My splendid friends here immediately showed up to nurse and soothe me. I was plied with drugs, hot water bottles, food, love and attention. I slept on the couch in my clothes for a few days as I really couldn't walk. In a few days I was able to hobble a bit with a cane. I resigned myself to a few weeks of being house bound recuperating.

Then came the salmonella poisoning.

Generally, I am one of those annoying smug people that never gets stomach upsets. I used to joke that I could lick the water out of a mud puddle in Mexico City and not get sick. Hardy har har. Not so funny now. No, the real comedic value here is the vision of me racing to the loo hopping on one leg, sort of like an animated corkscrew. Howling in pain all the while for complete dramatic effect. Let's just say that Mr.

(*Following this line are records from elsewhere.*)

Lemma sum_rev_ord d (F : nat -> R) :
  \sum_(1 <= i < d.+1) F (d - i)%N = \sum_(l < d) F l.
Proof.
rewrite big_add1 /= -(big_mkord xpredT) [RHS](big_nat_rev _ _ 0 d).
by apply: eq_big_nat => i /andP [_ Hi]; congr F; lia.
Qed.

Lemma int_closureP x :
  int_closure I x <-> exists d q, [/\ (0 < d)%N, int_dep_poly d q & root q x].
Proof.
split.
- case=> d [a [d_gt0 [Ha Hx]]].
  pose q := \poly_(l < d.+1) (if l == d then 1 else a (d - l)%N).
  have Hq : int_dep_poly d q.
    apply: int_dep_poly_mk => [|l ltld]; first by rewrite eqxx.
    rewrite ltn_eqF //; apply: Ha; lia.
  exists d, q; split => //; apply/rootP; rewrite (int_dep_polyE Hq) -[RHS]Hx.
  rewrite -(sum_rev_ord d (fun l => q`_l * x ^+ l)); congr (_ + _).
  apply: eq_big_nat => i /andP [i_gt0 led]; rewrite coef_poly.
  have -> : (d - i < d.+1)%N by lia.
  by rewrite (_ : (d - i == d)%N = false) ?subKn //; apply/eqP; lia.
- case=> d [q [d_gt0 Hq /rootP qx0]]; exists d, (fun i => q`_(d - i)); split => //.
  split; first by case: Hq => _ _ Hl i /andP [_ le_id]; rewrite -{1}(subKn le_id).
  by rewrite (sum_rev_ord d (fun l => q`_l * x ^+ l)) -(int_dep_polyE Hq).
Qed.

End IntegralDependence.

Section ReesAlgebra.
Variables (R : comNzRingType) (I : R -> Prop).

(* The Rees algebra R[It] as the subring of R[t] of the polynomials whose
   t^k-coefficient lies in I^k. *)
Definition rees_mem : {pred {poly R}} :=
  fun p : {poly R} => `[< forall k, ideal_pow I k p`_k >].

Lemma rees_memP (p : {poly R}) :
  reflect (forall k, ideal_pow I k p`_k) (p \in rees_mem).
Proof. exact: asboolP. Qed.

Lemma rees_subring : subring_closed rees_mem.
Proof.
split.
- by apply/rees_memP => -[|k]; rewrite coef1 //; apply: ideal_pow0.
- move=> p q /rees_memP Hp /rees_memP Hq; apply/rees_memP => k.
  by rewrite coefB; apply: idealB => //; apply: ideal_pow_ideal.
- move=> p q /rees_memP Hp /rees_memP Hq; apply/rees_memP => k.
  rewrite coefM; apply: big_In_ind => [|x y|j _]; first exact: ideal_pow0.
    by case: (ideal_pow_ideal I k) => _ + _; apply.
  have le_jk : (j <= k)%N by rewrite -ltnS.
  by have := ideal_pow_mul (Hp j) (Hq (k - j)%N); rewrite subnKC.
Qed.

Definition rees_algebra := {p : {poly R} | p \in rees_mem}.
HB.instance Definition _ := [isSub for (@proj1_sig _ _ : rees_algebra -> {poly R})].
HB.instance Definition _ := [Choice of rees_algebra by <:].
HB.instance Definition _ :=
  GRing.SubChoice_isSubComNzRing.Build _ _ rees_algebra rees_subring.

Lemma rees_monomial c k : ideal_pow I k c -> c%:P * 'X^k \in rees_mem.
Proof.
move=> Hc; apply/rees_memP => l; rewrite coefCM coefXn.
by case: eqP => [->|_]; rewrite ?mulr1 // mulr0; apply: ideal_pow0.
Qed.

Lemma int_dep_poly_lift d q : int_dep_poly I d q ->
  exists2 Q : {poly rees_algebra}, Q \is monic &
    forall x, (map_poly val Q).[x%:P * 'X] = q.[x]%:P * 'X^d.
Proof.
case=> Sq qd Hq.
pose Q : {poly rees_algebra} := \poly_(l < d.+1) insubd 0 ((q`_l)%:P * 'X^(d - l)).
have valQ : map_poly val Q = \poly_(l < d.+1) ((q`_l)%:P * 'X^(d - l)).
  apply/polyP => l; rewrite coef_map !coef_poly.
  by case: ifP => _; [apply: insubdK; apply: rees_monomial | apply: raddf0].
have Qd : insubd 0 ((q`_d)%:P * 'X^(d - d)) = 1 :> rees_algebra.
  by apply: val_inj; rewrite insubdK ?rees_monomial // qd subnn expr0 mulr1.
exists Q => [|x]; first by apply/monicP; rewrite lead_coef_poly //= Qd oner_neq0.
rewrite valQ horner_poly horner_coef Sq rmorph_sum mulr_suml; apply: eq_bigr => l _.
by rewrite rmorphM /= exprMn -polyC_exp mulrACA -exprD subnK // -ltnS.
Qed.

End ReesAlgebra.

Section ClosureViaRees.
Variables (R : comNzRingType) (I : R -> Prop).
Local Notation integral := (integralOver (val : rees_algebra I -> {poly R})).

Lemma rees_polyC r : r%:P \in rees_mem I.
Proof. by have := @rees_monomial R I r 0; rewrite expr0 mulr1; apply. Qed.

Lemma rees_integral_nil_root d q w n : int_dep_poly I d q -> q.[w] ^+ n = 0 ->
  integral (w%:P * 'X).
Proof.
case/int_dep_poly_lift=> Q Qmonic HQ qw0; exists (Q ^+ n); first exact: monic_exp.
by rewrite /root rmorphXn horner_exp HQ exprMn -polyC_exp qw0 mul0r.
Qed.

Lemma int_closure_integral x : int_closure I x <-> integral (x%:P * 'X).
Proof.
split=> [/int_closureP [d [q [_ Hq /rootP qx0]]]|[P /monicP Pmonic /rootP Px0]].
  by apply: (rees_integral_nil_root (n := 1) Hq); rewrite expr1.
pose n := (size P).-1; pose q := \poly_(l < n.+1) (val P`_l)`_(n - l).
have Hq : int_dep_poly I n q.
  apply: int_dep_poly_mk => [|l _]; last exact/rees_memP/valP.
  by rewrite subnn /n -lead_coefE Pmonic rmorph1 coef1.
have qx0 : q.[x] = 0.
  have sizeP : size (map_poly val P) = n.+1.
    rewrite size_map_poly_id0 ?Pmonic ?oner_neq0 // prednK // lt0n size_poly_eq0.
    by apply: contra_eq_neq Pmonic => ->; rewrite lead_coef0 eq_sym oner_neq0.
  have : ((map_poly val P).[x%:P * 'X])`_n = 0 by rewrite Px0 coef0.
  rewrite horner_coef sizeP coef_sum => E.
  rewrite horner_poly -[RHS]E; apply: eq_bigr => l _.
  rewrite coef_map exprMn -polyC_exp mulrA coefMXn coefMC.
  by rewrite ltnNge -ltnS ltn_ord.
apply/int_closureP; exists n, q; split => //; last exact/rootP.
rewrite lt0n; apply: contra_eq_neq qx0 => n0.
by rewrite (int_dep_polyE Hq) n0 big_ord0 addr0 expr0 oner_neq0.
Qed.

Lemma int_closure_of_mem b : I b -> int_closure I b.
Proof.
move=> Ib; have := rees_monomial (ideal_pow1 Ib); rewrite expr1 => reesbX.
apply/int_closure_integral; rewrite -(insubdK (0 : rees_algebra I) reesbX).
exact: integral_id.
Qed.

Lemma int_closureD x y :
  int_closure I x -> int_closure I y -> int_closure I (x + y).
Proof. by rewrite !int_closure_integral polyCD mulrDl; apply: integral_add. Qed.

Lemma int_closureM r x : int_closure I x -> int_closure I (r * x).
Proof.
rewrite !int_closure_integral polyCM -mulrA; apply: integral_mul.
by rewrite -(insubdK (0 : rees_algebra I) (rees_polyC r)); apply: integral_id.
Qed.

Lemma int_closure_ideal : is_ideal (int_closure I).
Proof.
split; [|exact: int_closureD|exact: int_closureM].
by apply/int_closure_integral; rewrite mul0r; apply: integral0.
Qed.

End ClosureViaRees.

Section IntegralClosureStable.
Variables (R : comNzRingType) (I : R -> Prop) (psi : R -> R).
Hypothesis I_ideal : is_ideal I.

Lemma int_dep_horner_sub d q x : int_dep_poly I d q -> I (q.[x] - x ^+ d).
Proof.
move=> Hq; rewrite (int_dep_polyE Hq) addrC addKr.
case: I_ideal => I0 ID IM; apply: big_ind => // l _; rewrite mulrC; apply: IM.
by case: Hq => _ _ /(_ l) /ideal_pow_sub; apply; rewrite // subn_gt0.
Qed.

Hypotheses (psiZ : forall r x, int_closure I x -> psi (r * x) = r * psi x)
  (psi_mem : forall b, I b -> I (psi b)).

Lemma psi_comm x y : int_closure I x -> int_closure I y -> x * psi y = y * psi x.
Proof. by move=> Hx Hy; rewrite -psiZ // -psiZ // mulrC. Qed.

(* [a'] stands for φ^k a, where φ = psi b / b does not depend on b by [psi_comm]. *)
Lemma psi_twist k a : ideal_pow I k a ->
  exists a', ideal_pow I k a' /\ forall b, I b -> b ^+ k * a' = psi b ^+ k * a.
Proof.
elim: k a => [|k IHk] a; first by exists a; split => // b _; rewrite !expr0.
pose twistable a := exists a',
  ideal_pow I k.+1 a' /\ forall b, I b -> b ^+ k.+1 * a' = psi b ^+ k.+1 * a.
case=> s [Hs ->]; apply: (@big_In_ind _ twistable) =>
  [|x y [x' [Hx' Ex]] [y' [Hy' Ey]]|p].
- by exists 0; split => [|b _]; rewrite ?mulr0 //; apply: ideal_pow0.
- exists (x' + y'); split => [|b Ib]; last by rewrite !mulrDr Ex ?Ey.
  by case: (ideal_pow_ideal I k.+1) => _ + _; apply.
- case/Hs=> Ip1 /IHk [a' [Ha' Ea']]; exists (psi p.1 * a'); split => [|b Ib].
    by apply: (ideal_pow_mul (i := 1)) => //; apply/ideal_pow1/psi_mem.
  have Eb : b * psi p.1 = p.1 * psi b by apply: psi_comm; apply: int_closure_of_mem.
  by rewrite !exprS mulrACA Eb Ea' // [p.1 * _]mulrC mulrACA.
Qed.

Lemma psi_pow_mem x d : int_closure I x -> I (x ^+ d) -> I (psi x ^+ d).
Proof.
move=> Hx Ixd; have Ik k : (k <= d)%N -> I (x ^+ (d - k) * psi x ^+ k).
  elim: k => [|k IHk] ltkd; first by rewrite subn0 mulr1.
  have -> : x ^+ (d - k.+1) * psi x ^+ k.+1 = psi (x ^+ (d - k) * psi x ^+ k).
    rewrite -(subnSK ltkd) [x ^+ _.+1]exprS [psi x ^+ _]exprSr [x * _]mulrC mulrAC.
    by rewrite psiZ // mulrA.
  by apply/psi_mem/IHk/ltnW.
by have := Ik d (leqnn d); rewrite subnn mul1r.
Qed.

Lemma twist_horner d q (c : nat -> R) u b : int_dep_poly I d q ->
    (forall l, (l <= d)%N -> b ^+ (d - l) * c l = psi b ^+ (d - l) * q`_l) ->
    int_closure I u -> I b ->
  b ^+ d * (\poly_(l < d.+1) c l).[psi u] = psi b ^+ d * q.[u].
Proof.
case=> Sq _ _ Hc Hu Ib; rewrite horner_poly horner_coef Sq !mulr_sumr.
apply: eq_bigr => l _; have le_ld : (l <= d)%N by rewrite -ltnS.
have split_pow (z : R) : z ^+ d = z ^+ (d - l) * z ^+ l by rewrite -exprD subnK.
rewrite split_pow (split_pow (psi b)) mulrACA -exprMn Hc //.
by rewrite (psi_comm (int_closure_of_mem Ib)) // exprMn [u ^+ l * _]mulrC mulrACA.
Qed.

Lemma int_closure_stable u : int_closure I u -> int_closure I (psi u).
Proof.
move=> Hu; have /int_closureP [d [q [_ Hq /rootP qu0]]] := Hu.
have I0 : I 0 by case: I_ideal.
have Iud : I (u ^+ d).
  by have := idealB I_ideal I0 (int_dep_horner_sub u Hq); rewrite qu0 !sub0r opprK.
have [_ _ Hql] := Hq; have [c Hc] := choice (fun l => psi_twist (Hql l)).
pose q' := \poly_(l < d.+1) c l.
have Hq' : int_dep_poly I d q'.
  apply: int_dep_poly_mk => [|l _]; last by case: (Hc l).
  case: (Hc d) => _ /(_ 0 I0).
  by rewrite subnn !expr0 !mul1r; case: Hq => _ ->.
have IE : I q'.[psi u].
  rewrite -(subrK (psi u ^+ d) q'.[psi u]); case: I_ideal => _ ID _; apply: ID.
    exact: int_dep_horner_sub.
  exact: psi_pow_mem.
have E_nil : q'.[psi u] ^+ d.+1 = 0.
  rewrite exprSr (twist_horner Hq _ Hu IE) ?qu0 ?mulr0 // => l _.
  by case: (Hc l) => _ ->.
exact/int_closure_integral/(rees_integral_nil_root Hq' E_nil).
Qed.

End IntegralClosureStable.

Section Trace.
Variable R : comNzRingType.
Implicit Type N : lmodType R.

Lemma hom0 N (f : N -> R) : is_hom f -> f 0 = 0.
Proof.
by move=> Hf; have := Hf 1 0 0; rewrite scale1r mul1r addr0 -{1}[f 0]addr0 => /addrI/esym.
Qed.

Lemma homZ N (f : N -> R) r x : is_hom f -> f (r *: x) = r * f x.
Proof. by move=> Hf; rewrite -[r *: x]addr0 Hf hom0 // addr0. Qed.

Lemma trace_ideal N : is_ideal (trace N).
Proof.
split.
- by exists [::]; rewrite big_nil.
- move=> _ _ [s [Hs ->]] [t [Ht ->]]; exists (s ++ t); rewrite big_cat; split => // p.
  by case/(@List.in_app_or _ s t); [apply: Hs | apply: Ht].
- move=> r _ [s [Hs ->]]; exists [seq (r *: p.1, p.2) | p <- s]; split.
  + by move=> _ /List.in_map_iff [p [<- /Hs]].
  + elim: s Hs => [|p s IH] Hs; first by rewrite !big_nil mulr0.
    rewrite /= !big_cons /= mulrDr homZ; last by apply: Hs; left.
    by rewrite IH // => q Hq; apply: Hs; right.
Qed.

Lemma trace_hom N (f : N -> R) x : is_hom f -> trace N (f x).
Proof. by move=> Hf; exists [:: (x, f)]; split; [move=> p [<-|[]] | rewrite big_seq1]. Qed.

Lemma is_ideal_trace_ideal (I : R -> Prop) : is_trace_ideal I -> is_ideal I.
Proof.
case=> N IN; case: (trace_ideal N) => T0 TD TM.
by split=> [|x y /IN Tx /IN Ty|r x /IN Tx]; apply/IN; auto.
Qed.

Lemma trace_stable N (I : R -> Prop) (phi : R -> R) : same_set I (trace N) ->
    (forall r x y, I x -> I y -> phi (r * x + y) = r * phi x + phi y) ->
  forall b, I b -> I (phi b).
Proof.
move=> IN phi_lin b /IN [s [Hs ->]].
have [I0 ID _] : is_ideal I by apply: is_ideal_trace_ideal; exists N.
have Ihom (f : N -> R) x : is_hom f -> I (f x) by move=> Hf; apply/IN/trace_hom.
elim: s Hs => [|p s IH] Hs.
  rewrite big_nil; have := phi_lin (-1) 0 0 I0 I0.
  by rewrite mulr0 add0r mulN1r addNr => ->.
have Hp := Hs p (or_introl erefl).
have Hs' q : List.In q s -> is_hom q.2 by move=> ?; apply: Hs; right.
have Is : I (\sum_(q <- s) q.2 q.1) by apply/IN; exists s.
have Ip : I (p.2 p.1) by apply: Ihom.
rewrite big_cons -[p.2 p.1]mul1r phi_lin // mul1r; apply: ID; last exact: IH Hs'.
apply: (Ihom (phi \o p.2)) => r x y /=.
by rewrite Hp phi_lin //; apply: Ihom.
Qed.

End Trace.

Section ClosureModule.
Variables (R : comNzRingType) (I : R -> Prop).

Definition int_closure_mem : {pred R^o} := fun x => `[< int_closure I x >].

Lemma int_closure_submod : subsemimod_closed int_closure_mem.
Proof.
have [C0 CD CM] := int_closure_ideal I.
split; [split|].
- exact/asboolP.
- by move=> x y /asboolP Cx /asboolP Cy; apply/asboolP; auto.
- by move=> r x /asboolP Cx; apply/asboolP; apply: CM.
Qed.

Definition int_closure_lmod := {x : R^o | x \in int_closure_mem}.
HB.instance Definition _ := [isSub for (@proj1_sig _ _ : int_closure_lmod -> R^o)].
HB.instance Definition _ := [Choice of int_closure_lmod by <:].
HB.instance Definition _ :=
  GRing.SubChoice_isSubLmodule.Build _ _ _ int_closure_lmod int_closure_submod.

Lemma int_closure_hom_mem (N : lmodType R) (f : int_closure_lmod -> R) v :
  same_set I (trace N) -> is_hom f -> int_closure I (f v).
Proof.
move=> IN Hf; pose psi r := oapp f 0 (insub (r : R^o) : option int_closure_lmod).
have psi_val (w : int_closure_lmod) : psi (val w) = f w by rewrite /psi valK.
have psi_lin r x y :
    int_closure I x -> int_closure I y -> psi (r * x + y) = r * psi x + psi y.
  move=> /asboolP Cx /asboolP Cy.
  pose X : int_closure_lmod := Sub x Cx; pose Y : int_closure_lmod := Sub y Cy.
  by rewrite -[r * x + y]/(val (r *: X + Y)) -[x]/(val X) -[y]/(val Y) !psi_val; apply: Hf.
have I_ideal : is_ideal I by apply: is_ideal_trace_ideal; exists N.
have C0 : int_closure I 0 by case: (int_closure_ideal I).
have psi0 : psi 0 = 0 by rewrite -[0]/(val (0 : int_closure_lmod)) psi_val hom0.
rewrite -psi_val; apply: (int_closure_stable (psi := psi)) => //.
- by move=> r x Cx; have := psi_lin r x 0 Cx C0; rewrite !addr0 psi0 addr0.
- apply: trace_stable IN _ => r x y Ix Iy.
  by apply: psi_lin; apply: int_closure_of_mem.
- exact: asboolW (valP v).
Qed.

Dictionary deserted me in favour of a few choicer words I learned from my sailor pals.

One thing about constant pain - it is exhausting. Another thing about gastric nastiness - it also wears you out. While I am thrilled to have lost about 10 pounds, I am utterly exhausted. The superduper antibiotics I eventually took to slay the salmonella beast also wiped out all the other good bugs in my gut. Bring on the yeast infection in my mouth and eyes. I am not making that part up. Fortunately, that's an easy one to fix in the land of real yogurt. A few bowlfuls of good Greek yogurt fixed the balance - infection gone.

It is now week two of my confinement. Cabin fever is setting in. I can't bend my knee enough even to get into my little rental car and bomb around the country side. And if I did, the thought of having to haul over and find a clump of bushes is enough to keep me housebound. I am mending slowly. But it is frustrating. Getting lots of reading and sleeping taken care of so I can tick that off my to-do list. The time I spend lying on my bed of pain contemplating the ceiling also allows me to stew over losing my job the day I flew out from Canada and allows me to seethe that my former boss and dear friend is screwing me out of my back pay. What? Me, worry? Yes, this truly has been an epic adventure. I'd quote Queen Elizabeth and her "annus horribilus" line, but the obviousness of the pun potential is just too great.

But, listen: can I just say thank you to my wonderful friends here? They check in on me several times a day, bring me homemade soup and stolen fruit, meds, mags, laughter and buckets of love. I am overwhelmed.

I commented that I wouldn't get this kind of love and attention at home - my very wise cousin Harriet said, "maybe you ARE home."